Despite growing up in the Catholic Church and attending parochial school, Gladys Verdejo said that for years her faith didn't extend much beyond attending Sunday Mass.

But an invitation to a worship service at the Lamb's Church of Nazarene in New York City seven years ago changed that.

"I fell in love," said Verdejo, who was born in Puerto Rico, of her experience visiting an evangelical church.

Vox Wrote:Likely, she met people who actually love God instead of just having memorized a bunch of rules. She encountered a community that serves each other, that has some joy about them.

On a recent Sunday at the Lamb’s Church, Verdejo was among a large number of Latino congregants worshipping to gospel songs in Spanish. When the Rev. Gabriel Salguero took to the pulpit, he began his sermon with a fiery message: “Education is power! Ignorance is slavery!”

Vox Wrote:Reverend Salguero needs to get more educated about History, then embrace Tradition and continue focusing on conversion of the heart.

According to Verdejo, it was this message of empowerment and a direct connection to the gospel she felt she was lacking in the Catholic Church. “I feel more comfortable and at home here. I have a lot to learn still, but it's great,” she said.


Shifting Denomination

As millions of Catholics throughout the country await Pope Francis’s first U.S. visit this September, the steady movement of Hispanics, like Gladys Verdejo, away from the Catholic Church underscores a dilemma for the church: Despite efforts to attract and retain U.S. Latinos through expansion of lay ministry positions and support for immigration reform, many Hispanics continue to convert to an evangelical church or abandon their faith altogether.

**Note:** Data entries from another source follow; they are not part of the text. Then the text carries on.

(* Let $P,Q$ be partially ordered sets, neither of which has an upper bound for the whole set (i.e. $P$ and $Q$ are unbounded). Suppose there exist functions $\varphi:P\to Q$ and $\psi:Q\to P$ such that for every $p\in P$ and $q\in Q$ either $p\le\psi(q)$ or $q\le\varphi(p)$. Then $\operatorname{add}(P)=\operatorname{cof}(P)=\operatorname{cof}(Q)=\operatorname{add}(Q)$.
   Context: For a partially ordered set $P$: $\operatorname{add}(P)$ is the smallest cardinality of a subset $A\subset P$ that has no upper bound in $P$ (i.e. for every $y\in P$ there is $x\in A$ with $x\not\le y$), and $\operatorname{cof}(P)$ is the smallest cardinality of a cofinal subset $A\subset P$ (i.e. for every $x\in P$ there is $y\in A$ with $x\le y$). *)

From Stdlib Require Import Classical.

Set Implicit Arguments.

Definition is_poset (T : Type) (le : T -> T -> Prop) : Prop :=
  (forall x, le x x) /\
  (forall x y, le x y -> le y x -> x = y) /\
  (forall x y z, le x y -> le y z -> le x z).

Definition unbounded_set (T : Type) (le : T -> T -> Prop) (A : T -> Prop) : Prop :=
  forall y : T, exists x : T, A x /\ ~ le x y.

Definition cofinal_set (T : Type) (le : T -> T -> Prop) (A : T -> Prop) : Prop :=
  forall x : T, exists y : T, A y /\ le x y.

Definition card_le (T U : Type) (A : T -> Prop) (B : U -> Prop) : Prop :=
  exists f : {x : T | A x} -> {y : U | B y},
    forall a1 a2, f a1 = f a2 -> a1 = a2.

Definition equipotent (T U : Type) (A : T -> Prop) (B : U -> Prop) : Prop :=
  exists f : {x : T | A x} -> {y : U | B y},
    (forall a1 a2, f a1 = f a2 -> a1 = a2) /\ (forall b, exists a, f a = b).

Definition is_add_witness (T : Type) (le : T -> T -> Prop) (A : T -> Prop) : Prop :=
  unbounded_set le A /\ forall B : T -> Prop, unbounded_set le B -> card_le A B.

Definition is_cof_witness (T : Type) (le : T -> T -> Prop) (A : T -> Prop) : Prop :=
  cofinal_set le A /\ forall B : T -> Prop, cofinal_set le B -> card_le A B.

From mathcomp Require Import all_boot boolp wochoice classical_sets functions cardinality.
From Pilot Require Import Defs.

(* The Tukey condition makes [psi] send every unbounded subset of [Q] to a
   cofinal subset of [P], and [phi] every unbounded subset of [P] to a cofinal
   subset of [Q]; and in an unbounded poset every cofinal subset is unbounded.
   Hence add(P) <= cof(P) <= add(Q) <= cof(Q) <= add(P), and Cantor-Bernstein
   closes the cycle.  That these minimal cardinalities are attained needs the
   well-ordering of cardinals: by Zorn's lemma applied to partial embeddings
   of initial parts of a well-order of [T] into a set [B], either [T] injects
   into [B] or [B] is equipotent to an initial segment, and the least initial
   segment equipotent to a member of a family of subsets of [T] singles out a
   member of least cardinality. *)

Set Implicit Arguments.
Unset Strict Implicit.

Local Open Scope classical_set_scope.
Local Open Scope card_scope.

(* [Defs] measures subsets through Prop-valued sigma types, [cardinality]
   through [{x | x \in A}]. *)
Section SigSetType.
Variables (T : Type) (A : set T).

Definition set_type_of_sig (a : {x | A x}) : A := SigSub (mem_set (proj2_sig a)).
Definition sig_of_set_type (a : A) : {x | A x} := exist A (val a) (set_mem (valP a)).

Lemma set_type_of_sigK : cancel set_type_of_sig sig_of_set_type.
Proof. by move=> [x Ax]; exact: eq_exist. Qed.

Lemma sig_of_set_typeK : cancel sig_of_set_type set_type_of_sig.
Proof. by move=> a; apply: val_inj. Qed.

End SigSetType.

Lemma card_leE (T U : Type) (A : set T) (B : set U) : card_le A B <-> A #<= B.
Proof.
split=> [[f finj]|/card_leP[f]].
- apply/card_leP/injfunPex.
  exists (set_type_of_sig (A:=B) \o f \o sig_of_set_type (A:=A)) => // a b _ _.
  by apply: inj_comp; [apply: inj_comp (can_inj (@set_type_of_sigK _ B)) finj|
                       exact: can_inj (@sig_of_set_typeK _ A)].
- exists (sig_of_set_type (A:=B) \o f \o set_type_of_sig (A:=A)).
  apply: inj_comp; last exact: can_inj (@set_type_of_sigK _ A).
  by apply: inj_comp; [exact: can_inj (@sig_of_set_typeK _ B)|exact: in2TT 'inj_f].
Qed.

Lemma card_eq_equipotent (T U : Type) (A : set T) (B : set U) :
  A #= B -> equipotent A B.
Proof.
move=> /card_bijP[f fbij].
pose h := sig_of_set_type (A:=B) \o f \o set_type_of_sig (A:=A).
have hbij : bijective h.
  apply: bij_comp; last exact: Bijective (@set_type_of_sigK _ A) (@sig_of_set_typeK _ A).
  apply: bij_comp fbij.
  exact: Bijective (@sig_of_set_typeK _ B) (@set_type_of_sigK _ B).
exists h; split; first exact: bij_inj.
by case: hbij => g _ gK b; exists (g b); rewrite gK.
Qed.

Lemma exists_well_ordering (T : Type) : exists R : T -> T -> Prop,
  [/\ forall x y, R x y \/ R y x,
      forall x y, R x y -> R y x -> x = y,
      forall x y z, R x y -> R y z -> R x z &
      forall S : set T, (exists x, S x) -> exists2 z, S z & forall x, S x -> R z x].
Proof.
have [R Rwo] := well_ordering_principle {classic T}.
have Rchain : wo_chain R predT by move=> A _; exact: Rwo.
have Ranti x y : R x y -> R y x -> x = y.
  by move=> Rxy Ryx; apply: (wo_chain_antisymmetric Rchain); rewrite ?Rxy.
have Rmin (S : set T) : (exists x, S x) -> exists2 z, S z & forall x, S x -> R z x.
  move=> [x Sx]; have [|z [[/asboolP Sz zmin] _]] := Rwo [pred y | `[< S y >]].
    by exists x; apply/asboolP.
  by exists z => // y Sy; apply: zmin; apply/asboolP.
exists R; split => //.
- by move=> x y; have /orP[] := @wo_chainW _ _ _ Rchain x y isT isT; [left|right].
- move=> x y z Rxy Ryz.
  have [m xyz_m m_min] :=
    Rmin (fun w => [\/ w = x, w = y | w = z]) (ex_intro _ x (Or31 _ _ erefl)).
  case: xyz_m => ?; subst m.
  + exact: m_min (Or33 _ _ erefl).
  + by rewrite (Ranti x y Rxy (m_min x (Or31 _ _ erefl))).
  + by rewrite -(Ranti y z Ryz (m_min y (Or32 _ _ erefl))).
Qed.

Section WellOrdered.
Variables (T : Type) (R : T -> T -> Prop).
Hypothesis R_total : forall x y, R x y \/ R y x.
Hypothesis R_anti : forall x y, R x y -> R y x -> x = y.
Hypothesis R_trans : forall x y z, R x y -> R y z -> R x z.
Hypothesis R_min :
  forall S : set T, (exists x, S x) -> exists2 z, S z & forall x, S x -> R z x.

Definition segment (x : T) : set T := [set y | R y x /\ y <> x].

Lemma segment_subset x y : R x y -> segment x `<=` segment y.
Proof.
move=> Rxy z [Rzx zx]; split; first exact: R_trans Rzx Rxy.
by move=> zy; subst z; apply: zx; exact: R_anti.
Qed.

Section InitialEmbedding.
Variables (U : Type) (B : set U).

Definition initial_embedding (G : set (T * U)) :=
  [/\ forall p q, G p -> G q -> p.1 = q.1 -> p = q,
      forall p q, G p -> G q -> p.2 = q.2 -> p = q,
      snd @` G `<=` B &
      forall p x, G p -> R x p.1 -> (fst @` G) x].

Lemma initial_embedding_bigcup (F : set (set (T * U))) :
  F `<=` initial_embedding -> total_on F subset ->
  initial_embedding (\bigcup_(G in F) G).
Proof.
move=> Femb Ftot.
have common p q : (\bigcup_(G in F) G) p -> (\bigcup_(G in F) G) q ->
    exists2 G, F G & G p /\ G q.
  move=> [G FG Gp] [H FH Hq].
  have [GH|HG] := Ftot G H FG FH.
  - by exists H => //; split=> //; exact: GH.
  - by exists G => //; split=> //; exact: HG.
split.
- move=> p q Up Uq; have [G /Femb[Ginj _ _ _] [Gp Gq]] := common p q Up Uq.
  exact: Ginj.
- move=> p q Up Uq; have [G /Femb[_ Ginj _ _] [Gp Gq]] := common p q Up Uq.
  exact: Ginj.
- by move=> _ [p [G /Femb[_ _ GB _] Gp] <-]; apply: GB; exists p.
- move=> p x [G FG Gp] Rxp; have [_ _ _ /(_ p x Gp Rxp)] := Femb G FG.
  by case=> q Gq <-; exists q => //; exists G.
Qed.

Lemma initial_embedding_extend G x0 b :
  initial_embedding G -> segment x0 = fst @` G -> B b -> ~ (snd @` G) b ->
  initial_embedding (G `|` [set (x0, b)]).
Proof.
move=> [inj1 inj2 GB Gdown] domG Bb nb.
have x0_notin : ~ (fst @` G) x0 by rewrite -domG => -[].
split.
- move=> p q [Gp|->] [Gq|->] //=; first exact: inj1.
  + by move=> e; case: x0_notin; exists p.
  + by move=> e; case: x0_notin; exists q.
- move=> p q [Gp|->] [Gq|->] //=; first exact: inj2.
  + by move=> e; case: nb; exists p.
  + by move=> e; case: nb; exists q.
- by move=> _ [p [Gp|->] <-] //; apply: GB; exists p.
- move=> p x [Gp|->] Rxp /=.
  + by have [q Gq <-] := Gdown p x Gp Rxp; exists q => //; left.
  + have [->|xx0] := pselect (x = x0); first by exists (x0, b) => //; right.
    have [q Gq <-] : (fst @` G) x by rewrite -domG.
    by exists q => //; left.
Qed.

Lemma card_le_or_eq_segment : [set: T] #<= B \/ exists x, segment x #= B.
Proof.
have [G [Gemb Gmax]] := Zorn_bigcup initial_embedding_bigcup.
case: (Gemb) => inj1 inj2 GB Gdown.
have dom_card : fst @` G #= G.
  by apply: inj_card_eq => p q /set_mem Gp /set_mem Gq; exact: inj1.
have range_card : snd @` G #= G.
  by apply: inj_card_eq => p q /set_mem Gp /set_mem Gq; exact: inj2.
have [dom_total|/existsNP[x1 x1_notin]] := pselect (forall x, (fst @` G) x).
  left; have -> : [set: T] = fst @` G by apply/seteqP; split=> x // _; exact: dom_total.
  by rewrite (card_le_eql dom_card) -(card_le_eql range_card); exact: subset_card_le.
right; have [x0 x0_notin x0_min] := R_min (ex_intro (~` (fst @` G)) x1 x1_notin).
have segG : segment x0 = fst @` G.
  apply/seteqP; split=> y.
  - move=> [Ryx0 yx0]; apply: contra_notP yx0 => y_notin.
    exact: R_anti Ryx0 (x0_min y y_notin).
  - move=> [[x u] Gxu <-] /=; split.
      by have [//|Rx0x] := R_total x x0; case: x0_notin; exact: Gdown Gxu Rx0x.
    by move=> xx0; subst x; case: x0_notin; exists (x0, u).
have rangeB : snd @` G = B.
  apply/seteqP; split=> // b Bb; have [//|b_notin] := pselect ((snd @` G) b).
  exfalso; apply: (Gmax (G `|` [set (x0, b)])); last exact: initial_embedding_extend.
  split; first exact: subsetUl.
  by move=> /(_ (x0, b) (or_intror erefl)) Gx0b; case: x0_notin; exists (x0, b).
by exists x0; rewrite segG -rangeB (card_eql dom_card) card_eq_sym.
Qed.

End InitialEmbedding.

Lemma exists_card_min_wo (F : set (set T)) :
  F setT -> exists2 A, F A & forall B, F B -> A #<= B.
Proof.
move=> FT; pose S := [set x | exists2 A, F A & segment x #= A].
have [/R_min[x0 [A0 FA0 A0x0] x0_min]|no_segment] := pselect (exists x, S x).
  exists A0 => // B FB; have [TB|[x xB]] := card_le_or_eq_segment B.
    exact: card_le_trans (card_leT A0) TB.
  rewrite -(card_le_eql A0x0) -(card_le_eqr xB); apply: subset_card_le.
  by apply: segment_subset; apply: x0_min; exists B.
exists setT => // B FB; have [//|[x xB]] := card_le_or_eq_segment B.
by case: no_segment; exists x, B.
Qed.

End WellOrdered.

Lemma exists_card_min (T : Type) (F : set (set T)) :
  F setT -> exists A, F A /\ forall B, F B -> card_le A B.
Proof.
move=> FT; have [R [R_total R_anti R_trans R_min]] := exists_well_ordering T.
have [A FA Amin] := exists_card_min_wo R_total R_anti R_trans R_min FT.
by exists A; split=> // B /Amin/card_leE.
Qed.

Lemma cofinal_unbounded (T : Type) (le : T -> T -> Prop) (B : set T) :
  (forall x y z, le x y -> le y z -> le x z) -> unbounded_set le setT ->
  cofinal_set le B -> unbounded_set le B.
Proof.
move=> le_trans unbT cofB y; have [x [_ xy]] := unbT y; have [b [Bb xb]] := cofB x.
by exists b; split=> // by_; apply: xy; exact: le_trans xb by_.
Qed.

Lemma cofinal_image_unbounded (P Q : Type) (leP : P -> P -> Prop) (leQ : Q -> Q -> Prop)
    (phi : P -> Q) (psi : Q -> P) (D : set Q) :
  (forall p q, leP p (psi q) \/ leQ q (phi p)) ->
  unbounded_set leQ D -> cofinal_set leP (psi @` D).
Proof.
move=> tukey unbD p; have [d [Dd not_d_phip]] := unbD (phi p).
by exists (psi d); split; [exists d | case: (tukey p d)].
Qed.

Theorem lemma5p2 (P : Type) (leP : P -> P -> Prop) (Q : Type) (leQ : Q -> Q -> Prop)
  (HP : is_poset leP) (HQ : is_poset leQ)
  (HPunb : unbounded_set leP (fun _ => True))
  (HQunb : unbounded_set leQ (fun _ => True))
  (phi : P -> Q) (psi : Q -> P)
  (Htukey : forall (p : P) (q : Q), leP p (psi q) \/ leQ q (phi p)) :
  (exists A, is_add_witness leP A) /\
  (exists B, is_cof_witness leP B) /\
  (exists C, is_cof_witness leQ C) /\
  (exists D, is_add_witness leQ D) /\
  (forall (A B : P -> Prop) (C D : Q -> Prop),
      is_add_witness leP A -> is_cof_witness leP B ->
      is_cof_witness leQ C -> is_add_witness leQ D ->
      equipotent A B /\ equipotent B C /\ equipotent C D).
Proof.
case: HP => P_refl [_ P_trans]; case: HQ => Q_refl [_ Q_trans].
have tukey_sym q p : leQ q (phi p) \/ leP p (psi q) by apply/or_comm.
split; first exact: exists_card_min.
split; first by apply: exists_card_min => p; exists p; split=> //; exact: P_refl.
split; first by apply: exists_card_min => q; exists q; split=> //; exact: Q_refl.
split; first exact: exists_card_min.
move=> A B C D [unbA minA] [cofB minB] [cofC minC] [unbD minD].
have AB : A #<= B by apply/card_leE/minA/cofinal_unbounded.
have DC : D #<= C by apply/card_leE/minD/cofinal_unbounded.
have BD : B #<= D.
  apply: card_le_trans (card_image_le psi D).
  by apply/card_leE/minB; exact: cofinal_image_unbounded.
have CA : C #<= A.
  apply: card_le_trans (card_image_le phi A).
  by apply/card_leE/minC; exact: cofinal_image_unbounded tukey_sym unbA.
have BC : B #<= C := card_le_trans BD DC.
have CB : C #<= B := card_le_trans CA AB.
split; [|split]; apply/card_eq_equipotent/Cantor_Bernstein => //.
- exact: card_le_trans BC CA.
- exact: card_le_trans CB BD.
Qed.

Vox Wrote:Why wouldn't they? The Novus Ordo way of doing things is so Protestantized it likely doesn't much matter to most people. So why go to a fake Protestantized faith community when you can go to a real Prot community and get just that:  community. Along with people talking about what they see as true conversion, truly trusting Christ, giving your life to Him, allowing Him to change your heart. And then there are the potlucks and picnics and people who get together to have fun in other ways, and study the Bible together. There's no reason whatsoever why traditional Catholics can't have it all -- which is exactly how things are supposed to be. The earliest Catholics acted as a community, and in the Middle Ages, everyone's lives centered around the liturgical year. Everyone was on the same page theologically speaking and their lives were rich and full, not filled with watered-down Catholicism that's guarded none of the joy, pageantry, and community our ancestors had. Our neighborhoods have been destroyed, and we've done nothing about it.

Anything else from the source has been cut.